Some of the humour is very broad indeed for Northern Ireland, and Belfast has of course more than its fair share of puritans. A few of the audience, watching the sight of men burying their heads in other men's laps, sometimes seemed more disconcerted than amused.

But everyone wanted to see Branagh, the local boy who 30 years ago began his career in this very city. He did not disappoint. In the opening moments he was a suave, beautifully dressed hit man, deadly, in perfect and total control, about to carry out a clinical shooting.

But then he gets tangled up with a tiresome, suicidally depressed Welshman, played by the excellent Rob Brydon, before somehow receiving an injection of tranquiliser that was intended for Brydon.

This transforms him from chilling assassin to a staggering, dazed, over-medicated victim suddenly out of control. His staggering is world-class: perhaps it includes little elements of Mr Bean, Frank Spencer and John Cleese's funny walks, but it transcends them all to reach new heights of inventive clowning.

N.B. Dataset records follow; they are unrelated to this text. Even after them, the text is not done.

Lemma sumR_last f a b : (a <= S b)%nat -> sumR a (S b) f = sumR a b f + f (S b).
Proof. intros; rewrite (sumR_split f a b (S b)), sumR_one; auto. Qed.
Lemma prodR_last f a b : (a <= S b)%nat -> prodR a (S b) f = prodR a b f * f (S b).
Proof. intros; rewrite (prodR_split f a b (S b)), prodR_one; auto. Qed.

Lemma sumR_plus f g a b : sumR a b (fun j => f j + g j) = sumR a b f + sumR a b g.
Proof. unfold sumR. induction (seq a (S b - a)); simpl; [ring | rewrite IHl; ring]. Qed.
Lemma sumR_scal c f a b : sumR a b (fun j => c * f j) = c * sumR a b f.
Proof. unfold sumR. induction (seq a (S b - a)); simpl; [ring | rewrite IHl; ring]. Qed.

Lemma prodR_opp f a b : prodR a b (fun j => - f j) = (-1) ^ (S b - a) * prodR a b f.
Proof.
  assert (Hlist : forall l, fold_right Rmult 1 (map (fun j => - f j) l)
                           = (-1) ^ length l * fold_right Rmult 1 (map f l)).
  { induction l as [|j l IH]; simpl; [ring | rewrite IH; ring]. }
  unfold prodR. now rewrite Hlist, length_seq.
Qed.

Lemma prodR_nz f a b : (forall j, (a <= j <= b)%nat -> f j <> 0) -> prodR a b f <> 0.
Proof.
  unfold prodR. intros Hf.
  assert (Hin : forall j, In j (seq a (S b - a)) -> f j <> 0)
    by (intros j Hj; apply in_seq in Hj; apply Hf; lia).
  induction (seq a (S b - a)) as [|j l IH]; simpl; [lra|].
  apply Rmult_integral_contrapositive; split.
  - apply Hin; now left.
  - apply IH; intros; apply Hin; now right.
Qed.

Definition distinct_nodes (lam : nat -> R) (k : nat) : Prop :=
  forall a b, (a <= k)%nat -> (b <= k)%nat -> a <> b -> lam a <> lam b.

Definition lagrange_den (lam : nat -> R) (k m : nat) : R :=
  prodR 0 k (fun l => if Nat.eq_dec l m then 1 else lam l - lam m).

Lemma distinct_nodes_tail lam k :
  distinct_nodes lam (S k) -> distinct_nodes (fun l => lam (S l)) k.
Proof. intros Hd a b Ha Hb Hab. apply Hd; lia. Qed.

Lemma distinct_nodes_init lam k : distinct_nodes lam (S k) -> distinct_nodes lam k.
Proof. intros Hd a b Ha Hb Hab. apply Hd; lia. Qed.

Lemma lagrange_den_nz lam k m :
  distinct_nodes lam k -> (m <= k)%nat -> lagrange_den lam k m <> 0.
Proof.
  intros Hd Hm. apply prodR_nz. intros l Hl.
  destruct (Nat.eq_dec l m) as [|Hlm]; [lra|].
  intro E. apply (Hd l m); lia || lra.
Qed.

Lemma lagrange_den_single lam : lagrange_den lam 0 0 = 1.
Proof. unfold lagrange_den. rewrite prodR_one. reflexivity. Qed.

Lemma lagrange_den_first lam k :
  lagrange_den lam (S k) 0 = prodR 0 k (fun l => lam (S l) - lam 0%nat).
Proof. unfold lagrange_den. now rewrite prodR_first0, Rmult_1_l. Qed.

Lemma lagrange_den_first_succ lam k m :
  lagrange_den lam (S k) (S m)
  = (lam 0%nat - lam (S m)) * lagrange_den (fun l => lam (S l)) k m.
Proof.
  unfold lagrange_den. rewrite prodR_first0. f_equal.
  apply prodR_ext. intros l _.
  destruct (Nat.eq_dec (S l) (S m)), (Nat.eq_dec l m); reflexivity || lia.
Qed.

Lemma lagrange_den_last lam N m :
  (m <= N)%nat -> lagrange_den lam (S N) m = lagrange_den lam N m * (lam (S N) - lam m).
Proof.
  intros Hm. unfold lagrange_den. rewrite prodR_last by lia.
  destruct (Nat.eq_dec (S N) m); [lia | reflexivity].
Qed.

Lemma lagrange_den_last_node lam N :
  lagrange_den lam (S N) (S N) = prodR 0 N (fun l => lam l - lam (S N)).
Proof.
  unfold lagrange_den. rewrite prodR_last by lia.
  destruct (Nat.eq_dec (S N) (S N)); [|lia]. rewrite Rmult_1_r.
  apply prodR_ext. intros l Hl. destruct (Nat.eq_dec l (S N)); [lia | reflexivity].
Qed.

Lemma partial_fractions N : forall lam z,
  distinct_nodes lam N -> (forall l, (l <= N)%nat -> lam l <> z) ->
  sumR 0 N (fun m => / ((lam m - z) * lagrange_den lam N m))
  = / prodR 0 N (fun l => lam l - z).
Proof.
  induction N as [|N IH]; intros lam z Hd Hz.
  - rewrite sumR_one, prodR_one, lagrange_den_single.
    specialize (Hz 0%nat (le_n 0)). field. lra.
  - set (mu := fun l => lam (S l)).
    assert (Hmu : distinct_nodes mu N) by now apply distinct_nodes_tail.
    assert (Hz0 : lam 0%nat <> z) by (apply Hz; lia).
    assert (Hmu0 : forall l, (l <= N)%nat -> mu l <> lam 0%nat)
      by (intros l Hl E; apply (Hd (S l) 0%nat); lia || exact E).
    assert (Hmuz : forall l, (l <= N)%nat -> mu l <> z) by (intros; apply Hz; lia).
    rewrite sumR_first0, prodR_first0, lagrange_den_first.
    (* 1/((a-z)(λ0-a)) = 1/(λ0-z) * (1/(a-z) - 1/(a-λ0)) *)
    rewrite (sumR_ext _ (fun m => / (lam 0%nat - z) *
        (/ ((mu m - z) * lagrange_den mu N m)
         + (-1) * / ((mu m - lam 0%nat) * lagrange_den mu N m)))).
    2:{ intros m Hm. rewrite lagrange_den_first_succ. fold mu.
        assert (lagrange_den mu N m <> 0) by (apply lagrange_den_nz; auto; lia).
        specialize (Hmu0 m ltac:(lia)). specialize (Hmuz m ltac:(lia)).
        unfold mu in *. field. repeat split; auto; lra. }
    rewrite sumR_scal, sumR_plus, sumR_scal, !IH by auto. fold mu.
    assert (prodR 0 N (fun l => mu l - z) <> 0)
      by (apply prodR_nz; intros l Hl; specialize (Hmuz l ltac:(lia)); lra).
    assert (prodR 0 N (fun l => mu l - lam 0%nat) <> 0)
      by (apply prodR_nz; intros l Hl; specialize (Hmu0 l ltac:(lia)); lra).
    unfold mu in *. field. repeat split; auto; lra.
Qed.

(* The confluent companion: squared linear factors yield the logarithmic
   derivative [Σ_l 1/(λ l - z)] of the node polynomial. *)
Lemma partial_fractions_sq N : forall lam z,
  distinct_nodes lam N -> (forall l, (l <= N)%nat -> lam l <> z) ->
  sumR 0 N (fun m => / ((lam m - z) ^ 2 * lagrange_den lam N m))
  = sumR 0 N (fun l => / (lam l - z)) * / prodR 0 N (fun l => lam l - z).
Proof.
  induction N as [|N IH]; intros lam z Hd Hz.
  - rewrite !sumR_one, prodR_one, lagrange_den_single.
    specialize (Hz 0%nat (le_n 0)). field. lra.
  - set (mu := fun l => lam (S l)).
    assert (Hmu : distinct_nodes mu N) by now apply distinct_nodes_tail.
    assert (Hz0 : lam 0%nat <> z) by (apply Hz; lia).
    assert (Hmu0 : forall l, (l <= N)%nat -> mu l <> lam 0%nat)
      by (intros l Hl E; apply (Hd (S l) 0%nat); lia || exact E).
    assert (Hmuz : forall l, (l <= N)%nat -> mu l <> z) by (intros; apply Hz; lia).
    rewrite !sumR_first0, prodR_first0, lagrange_den_first.
    rewrite (sumR_ext _ (fun m => / (lam 0%nat - z) *
        (/ ((mu m - z) ^ 2 * lagrange_den mu N m)
         + / (lam 0%nat - z) *
             (/ ((mu m - z) * lagrange_den mu N m)
              + (-1) * / ((mu m - lam 0%nat) * lagrange_den mu N m))))).
    2:{ intros m Hm. rewrite lagrange_den_first_succ. fold mu.
        assert (lagrange_den mu N m <> 0) by (apply lagrange_den_nz; auto; lia).
        specialize (Hmu0 m ltac:(lia)). specialize (Hmuz m ltac:(lia)).
        unfold mu in *. field. repeat split; auto; lra. }
    rewrite sumR_scal, sumR_plus, sumR_scal, sumR_plus, sumR_scal.
    rewrite IH, !partial_fractions by auto. fold mu.
    assert (prodR 0 N (fun l => mu l - z) <> 0)
      by (apply prodR_nz; intros l Hl; specialize (Hmuz l ltac:(lia)); lra).
    assert (prodR 0 N (fun l => mu l - lam 0%nat) <> 0)
      by (apply prodR_nz; intros l Hl; specialize (Hmu0 l ltac:(lia)); lra).
    unfold mu in *. field. repeat split; auto; lra.
Qed.

(* [exp_nest λ k x] is the k-fold ordered integral
     ∫_0^x dt_1 e^{(λ0-λ1) t_1} ∫_0^{t_1} dt_2 e^{(λ1-λ2) t_2} ... ∫_0^{t_{k-1}} dt_k e^{(λ(k-1)-λk) t_k},
   defined by peeling off the outermost integral. *)
Fixpoint exp_nest (lam : nat -> R) (k : nat) (x : R) : R :=
  match k with
  | O => 1
  | S k' => RInt (fun t => exp ((lam 0%nat - lam 1%nat) * t)
                           * exp_nest (fun l => lam (S l)) k' t) 0 x
  end.

Lemma exp_nest_S lam k x :
  exp_nest lam (S k) x
  = RInt (fun t => exp ((lam 0%nat - lam 1%nat) * t) * exp_nest (fun l => lam (S l)) k t) 0 x.
Proof. reflexivity. Qed.

Lemma exp_nest_ext k : forall lam mu x,
  (forall l, (l <= k)%nat -> lam l = mu l) -> exp_nest lam k x = exp_nest mu k x.
Proof.
  induction k as [|k IH]; intros lam mu x Heq; [reflexivity|]. cbn [exp_nest].
  rewrite (Heq 0%nat), (Heq 1%nat) by lia.
  apply RInt_ext. intros t _. f_equal. apply IH. intros l Hl. apply Heq. lia.
Qed.

Lemma continuous_exp_mul (c : R) (g : R -> R) (x : R) :
  continuous g x -> continuous (fun t => exp (c * t) * g t) x.
Proof.
  intros Hg. apply (continuous_mult (fun t => exp (c * t)) g); [|exact Hg].
  apply (continuous_comp (fun t => c * t) exp); [|apply continuous_exp].
  apply (continuous_mult (fun _ => c) (fun t => t));
    [apply continuous_const | apply continuous_id].
Qed.

Lemma exp_nest_continuous k : forall lam x, continuous (exp_nest lam k) x.
Proof.
  induction k as [|k IH]; intros lam x; [apply continuous_const|].
  set (g := fun t => exp ((lam 0%nat - lam 1%nat) * t) * exp_nest (fun l => lam (S l)) k t).
  apply (continuous_RInt_1 g 0 x (exp_nest lam (S k))).
  apply filter_forall. intros y. change (is_RInt g 0 y (RInt g 0 y)).
  apply (RInt_correct g), ex_RInt_continuous.
  intros z _. apply continuous_exp_mul, IH.
Qed.

Lemma ex_RInt_exp_nest c lam k a b :
  ex_RInt (fun t => exp (c * t) * exp_nest lam k t) a b.
Proof.
  apply (ex_RInt_continuous (V := R_CompleteNormedModule)).
  intros z _. apply continuous_exp_mul, exp_nest_continuous.
Qed.

Lemma is_RInt_exp_mul c K x : c <> 0 ->
  is_RInt (fun t => exp (c * t) * K) 0 x ((exp (c * x) - 1) / c * K).
Proof.
  intros Hc.
  replace ((exp (c * x) - 1) / c * K) with
    (minus ((fun t => exp (c * t) / c * K) x) ((fun t => exp (c * t) / c * K) 0)).
  2:{ unfold minus, plus, opp; simpl. rewrite Rmult_0_r, exp_0. field. auto. }
  apply (is_RInt_derive (fun t => exp (c * t) / c * K) (fun t => exp (c * t) * K)).
  - intros t _. auto_derive; [auto | field; auto].
  - intros t _. apply continuous_exp_mul, continuous_const.
Qed.

Lemma is_RInt_sumR N (h : nat -> R -> R) (I : nat -> R) a b :
  (forall m, (m <= N)%nat -> is_RInt (h m) a b (I m)) ->
  is_RInt (fun t => sumR 0 N (fun m => h m t)) a b (sumR 0 N I).
Proof.
  induction N as [|N IH]; intros Hh.
  - rewrite sumR_one. apply (is_RInt_ext (h 0%nat)); [intros; now rewrite sumR_one|].
    apply Hh; lia.
  - rewrite sumR_last by lia.
    apply (is_RInt_ext (fun t => sumR 0 N (fun m => h m t) + h (S N) t));
      [intros; now rewrite sumR_last by lia|].
    apply (is_RInt_plus (fun t => sumR 0 N (fun m => h m t)) (h (S N)));
      [apply IH; intros; apply Hh | apply Hh]; lia.
Qed.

A further ill-advised dose of medicine then renders him hyper, leading to a great deal of athletic leaping about.

Branagh has hailed director Sean Foley as "a master of physical comedy who has got us doing all sorts of stretching exercises," while calling the play "pure silly comedy with not one special effect or visual effect."

In the end, of course, Branagh never gets to carry out his assassination and Brydon never gets to kill himself. Along the way they, and others in the cast, get de-bagged; in fact, the amount of trouser-dropping would make Brian Rix blush.

There is also a lot of prancing about and fighting, copious comic misunderstandings, and a hotel porter who keeps appearing at the door only to be increasingly shocked at the compromising situations he finds Branagh and co caught in.

The production is staged at a Lyric Theatre which has triumphantly risen from the ashes of near-dilapidation. Its blend of brick, glass, steel, concrete and timber, perched commandingly on a riverbank, announces to the world that culture is most definitely on offer in Belfast.